- [Listed entries]:
(* Let $\Lambda$ be a left-artinian ring, $\mathcal{C}=\mathrm{mod}(\Lambda)$, and let $\alpha,\beta$ be pre-radicals on $\mathcal{C}$ such that $\alpha^2=\alpha$ and $q_\beta$ preserves monomorphisms. Then $\ell\ell^\alpha(M)\leq\ell\ell_{q_\beta}(M)$ for every $M\in\mathcal{C}$ if and only if $\mathcal{T}_\beta\subseteq\mathcal{F}_\alpha$.
   Context: $\mathcal{C}$ is the category of finitely generated left $\Lambda$-modules; $\mathrm{rad}$, $\mathrm{soc}$ are the radical and socle functors. A pre-radical is an additive subfunctor $\alpha$ of the identity; $q_\alpha:=\mathrm{Id}/\alpha$. $\mathcal{F}_\alpha=\{M:\alpha(M)=0\}$, $\mathcal{T}_\alpha=\{M:\alpha(M)=M\}$. For an additive functor $\gamma$, $F_\gamma=\mathrm{rad}\circ\gamma$, $G_\gamma=\gamma/(\mathrm{soc}\circ\gamma)$, $\ell\ell^\gamma(M)=\min\{i\geq0:\gamma\circ F_\gamma^{\,i}(M)=0\}$ and $\ell\ell_\gamma(M)=\min\{i\geq0:\gamma\circ G_\gamma^{\,i}(M)=0\}$ (with $\min\emptyset=\infty$). *)

From HB Require Import structures.
From mathcomp Require Import all_boot all_algebra.
From mathcomp Require Import boolp.

Set Implicit Arguments.
Unset Strict Implicit.
Unset Printing Implicit Defensive.

Import GRing.Theory.
Local Open Scope ring_scope.
Local Open Scope quotient_scope.

Section Submodules.
Variable R : pzRingType.

Definition is_submod (M : lmodType R) (S : pred M) : Prop :=
  [/\ S 0, (forall x y, S x -> S y -> S (x + y)) & (forall (a : R) x, S x -> S (a *: x))].

Definition genmod (M : lmodType R) (S : pred M) : pred M :=
  fun x => `[< forall T : pred M, is_submod T -> (forall y, S y -> T y) -> T x >].

Lemma genmod_submod (M : lmodType R) (S : pred M) : is_submod (genmod S).
Proof.
split.
- by apply/asboolP => T [T0 _ _] _.
- move=> x y /asboolP Hx /asboolP Hy; apply/asboolP => T HT ST.
  by case: (HT) => _ TD _; apply: TD; [apply: Hx | apply: Hy].
- move=> a x /asboolP Hx; apply/asboolP => T HT ST.
  by case: (HT) => _ _ TZ; apply: TZ; apply: Hx.
Qed.

Lemma genmod_id (M : lmodType R) (S : pred M) x : S x -> genmod S x.
Proof. by move=> Sx; apply/asboolP => T _ ST; apply: ST. Qed.

Lemma genmodN (M : lmodType R) (S : pred M) x : genmod S x -> genmod S (- x).
Proof.
case: (genmod_submod S) => _ _ GZ Gx.
by rewrite -scaleN1r; apply: GZ.
Qed.

Section SubModule.
Variables (M : lmodType R) (S : pred M).
Let G := genmod S.

Definition subT := {x : M | G x}.
HB.instance Definition _ := Choice.copy subT {x : M | G x}.

Lemma subT_inj (u v : subT) : sval u = sval v -> u = v.
Proof.
case: u => x Hx; case: v => y Hy /= exy; subst y.
by rewrite (bool_irrelevance Hx Hy).
Qed.

Definition sub0 : subT := exist _ 0 (let: And3 h _ _ := genmod_submod S in h).
Definition subadd (u v : subT) : subT :=
  exist _ (sval u + sval v)
    (let: And3 _ h _ := genmod_submod S in h _ _ (svalP u) (svalP v)).
Definition subopp (u : subT) : subT := exist _ (- sval u) (genmodN (svalP u)).
Definition subscale (a : R) (u : subT) : subT :=
  exist _ (a *: sval u) (let: And3 _ _ h := genmod_submod S in h a _ (svalP u)).

Lemma subaddA : associative subadd.
Proof. by move=> u v w; apply: subT_inj; rewrite /= addrA. Qed.
Lemma subaddC : commutative subadd.
Proof. by move=> u v; apply: subT_inj; rewrite /= addrC. Qed.
Lemma subadd0 : left_id sub0 subadd.
Proof. by move=> u; apply: subT_inj; rewrite /= add0r. Qed.
Lemma subaddN : left_inverse sub0 subopp subadd.
Proof. by move=> u; apply: subT_inj; rewrite /= addNr. Qed.

HB.instance Definition _ := GRing.isZmodule.Build subT subaddA subaddC subadd0 subaddN.

Lemma subscaleA a b (u : subT) : subscale a (subscale b u) = subscale (a * b) u.
Proof. by apply: subT_inj; rewrite /= scalerA. Qed.
Lemma subscale1 : left_id 1 subscale.
Proof. by move=> u; apply: subT_inj; rewrite /= scale1r. Qed.
Lemma subscaleDr : right_distributive subscale +%R.
Proof. by move=> a u v; apply: subT_inj; rewrite /= scalerDr. Qed.
Lemma subscaleDl (u : subT) : {morph subscale^~ u : a b / a + b}.
Proof. by move=> a b; apply: subT_inj; rewrite /= scalerDl. Qed.

HB.instance Definition _ :=
  GRing.Zmodule_isLmodule.Build R subT subscaleA subscale1 subscaleDr subscaleDl.
Lemma nbhs_cdist x (A : set RR) : nbhs x A -> exists2 e, 0 < e & forall y, cdist x y < e -> A y.
Proof.
move=> /nbhs_ballP[h h0 hA]; exists (h ^+ 2) => [|y]; first exact: exprn_gt0.
have lt_h (t : R) : t ^+ 2 < h ^+ 2 -> `|t| < h.
  by move=> th; rewrite -ltr_sqr ?nnegrE ?normr_ge0 ?(ltW h0) // real_normK ?num_real.
rewrite /cdist /norm2 /= => small; apply/hA/ball_pairE.
by split; apply: lt_h; apply: le_lt_trans small; rewrite ?lerDl ?lerDr sqr_ge0.
Qed.

End PlaneDistance.

Section ConfigurationSpaces.
Context {X : topologicalType} {n : nat}.
Implicit Types (Y : set X) (x : 'I_n -> X).

Lemma range_nth (s : seq X) w0 : size s = n ->
  range (fun i : 'I_n => nth w0 s i) = [set w | w \in s].
Proof.
move=> sn; apply/seteqP; split => w.
  by case=> i _ <-; rewrite /= mem_nth // sn.
by move=> /(nthP w0)[i]; rewrite sn => ilt <-; exists (Ordinal ilt).
Qed.

Lemma conf_ord_nth Y (s : seq X) w0 : uniq s -> size s = n ->
  (forall w, w \in s -> Y w) -> conf_ord Y n (fun i : 'I_n => nth w0 s i).
Proof.
move=> s_uniq sn sY; split => [i j /eqP|i]; last by apply: sY; rewrite mem_nth // sn.
by rewrite nth_uniq ?sn // => /eqP/val_inj.
Qed.

Lemma card_range_inj {m} {x : 'I_m -> X} {y : 'I_n -> X} :
  injective x -> injective y -> range x = range y -> m = n.
Proof.
move=> x_inj y_inj xy.
have mem_codom k (z : 'I_k -> X) w : (w \in codom z) = `[< range z w >].
  by apply/codomP/asboolP => [[i ->]|[i _ <-]]; [exists i | exists i].
have same_codom : codom x =i codom y by move=> w; rewrite !mem_codom xy.
rewrite -(card_ord m) -(card_ord n) -(size_codom x) -(size_codom y).
apply/esym/eqP; rewrite -(uniq_size_uniq (introT (injectiveP x) x_inj) same_codom).
exact/injectiveP.
Qed.
(* [prodn_open n O] unfolds to [forall x, O x -> box_near x O]. *)
Definition box_near (x : 'I_n -> X) (P : set ('I_n -> X)) :=
  exists B : 'I_n -> set X,
    (forall i, open (B i) /\ B i (x i)) /\ forall y, (forall i, B i (y i)) -> P y.

Lemma box_near_self x P : box_near x P -> P x.
Proof. by case=> B [Bx BP]; apply: BP => i; case: (Bx i). Qed.

Lemma box_nearS x (P Q : set ('I_n -> X)) : P `<=` Q -> box_near x P -> box_near x Q.
Proof. by move=> PQ [B [Bx BP]]; exists B; split => // y /BP/PQ. Qed.

Lemma box_near_box_near {x P} :
  box_near x P -> box_near x (box_near^~ P).
Proof.
case=> B [Bx BP]; exists B; split => // y By.
by exists B; split => // i; split; [case: (Bx i) | apply: By].
Qed.

Lemma box_near_reorder {Y} (Q : set X -> Prop) {x x' : 'I_n -> X} :
  conf_ord Y n x -> conf_ord Y n x' -> range x = range x' ->
  box_near x (fun y => conf_ord Y n y -> Q (range y)) ->
  box_near x' (fun y => conf_ord Y n y -> Q (range y)).
Proof.
move=> [x_inj _] [x'_inj _] xx' [B [Bx BQ]].
have x_onto i : exists j, x j = x' i.
  have [j _ xj] : range x (x' i) by rewrite xx'; exists i.
  by exists j.
have x'_onto j : exists i, x' i = x j.
  have [i _ x'i] : range x' (x j) by rewrite -xx'; exists j.
  by exists i.
have [s xs] := choice x_onto; have [t x't] := choice x'_onto.
have sK : cancel s t by move=> i; apply: x'_inj; rewrite x't xs.
have tK : cancel t s by move=> j; apply: x_inj; rewrite xs x't.
exists (B \o s); split => [i|y By [y_inj yY]].
  by case: (Bx (s i)) => oB Bxs; split => //=; rewrite -xs.
have -> : range y = range (y \o t).
  by apply/seteqP; split=> w [i _ <-]; [exists (s i); rewrite //= sK | exists (t i)].
apply: BQ => [j|]; first by rewrite /= -{1}(tK j); apply: By.
by split=> [i j /y_inj /(can_inj tK)|i]; last exact: yY.
Qed.

Lemma conf_opensP {Y} {U : set (set X)} : U `<=` conf Y n ->
  conf_opens Y n U <->
  forall x, conf_ord Y n x -> U (range x) ->
    box_near x (fun y => conf_ord Y n y -> U (range y)).
Proof.
move=> UY; split => [[_ [V [V_open VU]]] x xY Ux|U_near].
  have [B [Bx BV]] : box_near x V.
    apply: V_open; suff : (V `&` conf_ord Y n) x by case.
    by rewrite VU.
  exists B; split => // y By yY.
  suff : ((fun z => range z) @^-1` U `&` conf_ord Y n) y by case.
  by rewrite -VU; split => //; apply: BV.
split => //; exists [set x | box_near x (fun y => conf_ord Y n y -> U (range y))].
split; first by move=> x /box_near_box_near.
apply/seteqP; split => x [Vx xY]; split => //.
  exact: box_near_self Vx xY.
exact: U_near.
Qed.

Lemma subspace_conf_opens Y (A U : set (set X)) :
  A `<=` conf Y n -> U `<=` A ->
  (forall x, conf_ord Y n x -> U (range x) ->
     box_near x (fun y => conf_ord Y n y -> A (range y) -> U (range y))) ->
  subspace_opens A (conf_opens Y n) U.
Proof.
move=> AY UA U_near.
pose near_U S := forall x, conf_ord Y n x -> range x = S ->
  box_near x (fun y => conf_ord Y n y -> A (range y) -> U (range y)).
exists (conf Y n `&` near_U); split.
  apply/conf_opensP => [S []//|x xY [_ near_x]].
  apply: box_nearS (box_near_box_near (near_x x xY erefl)) => y y_near yY.
  split; first by exists y.
  move=> x' x'Y x'y.
  exact: (box_near_reorder (fun S => A S -> U S) yY x'Y (esym x'y) y_near).
apply/seteqP; split => S.
  move=> US; have AS := UA S US; split => //; split; first exact: AY.
  by move=> x xY xS; apply: U_near; rewrite ?xS.
case=> -[[x xY <-] near_S] AS.
exact: box_near_self (near_S x xY erefl) xY AS.
Qed.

- [Required work]:
Retype the lines from the one containing "split; first by move=> x /box_near_box_near." to the last line above. Change nothing and include no others.

- [Reply to the task]:
split; first by move=> x /box_near_box_near.
apply/seteqP; split => x [Vx xY]; split => //.
  exact: box_near_self Vx xY.
exact: U_near.
Qed.

Lemma subspace_conf_opens Y (A U : set (set X)) :
  A `<=` conf Y n -> U `<=` A ->
  (forall x, conf_ord Y n x -> U (range x) ->
     box_near x (fun y => conf_ord Y n y -> A (range y) -> U (range y))) ->
  subspace_opens A (conf_opens Y n) U.
Proof.
move=> AY UA U_near.
pose near_U S := forall x, conf_ord Y n x -> range x = S ->
  box_near x (fun y => conf_ord Y n y -> A (range y) -> U (range y)).
exists (conf Y n `&` near_U); split.
  apply/conf_opensP => [S []//|x xY [_ near_x]].
  apply: box_nearS (box_near_box_near (near_x x xY erefl)) => y y_near yY.
  split; first by exists y.
  move=> x' x'Y x'y.
  exact: (box_near_reorder (fun S => A S -> U S) yY x'Y (esym x'y) y_near).
apply/seteqP; split => S.
  move=> US; have AS := UA S US; split => //; split; first exact: AY.
  by move=> x xY xS; apply: U_near; rewrite ?xS.
case=> -[[x xY <-] near_S] AS.
exact: box_near_self (near_S x xY erefl) xY AS.
Qed.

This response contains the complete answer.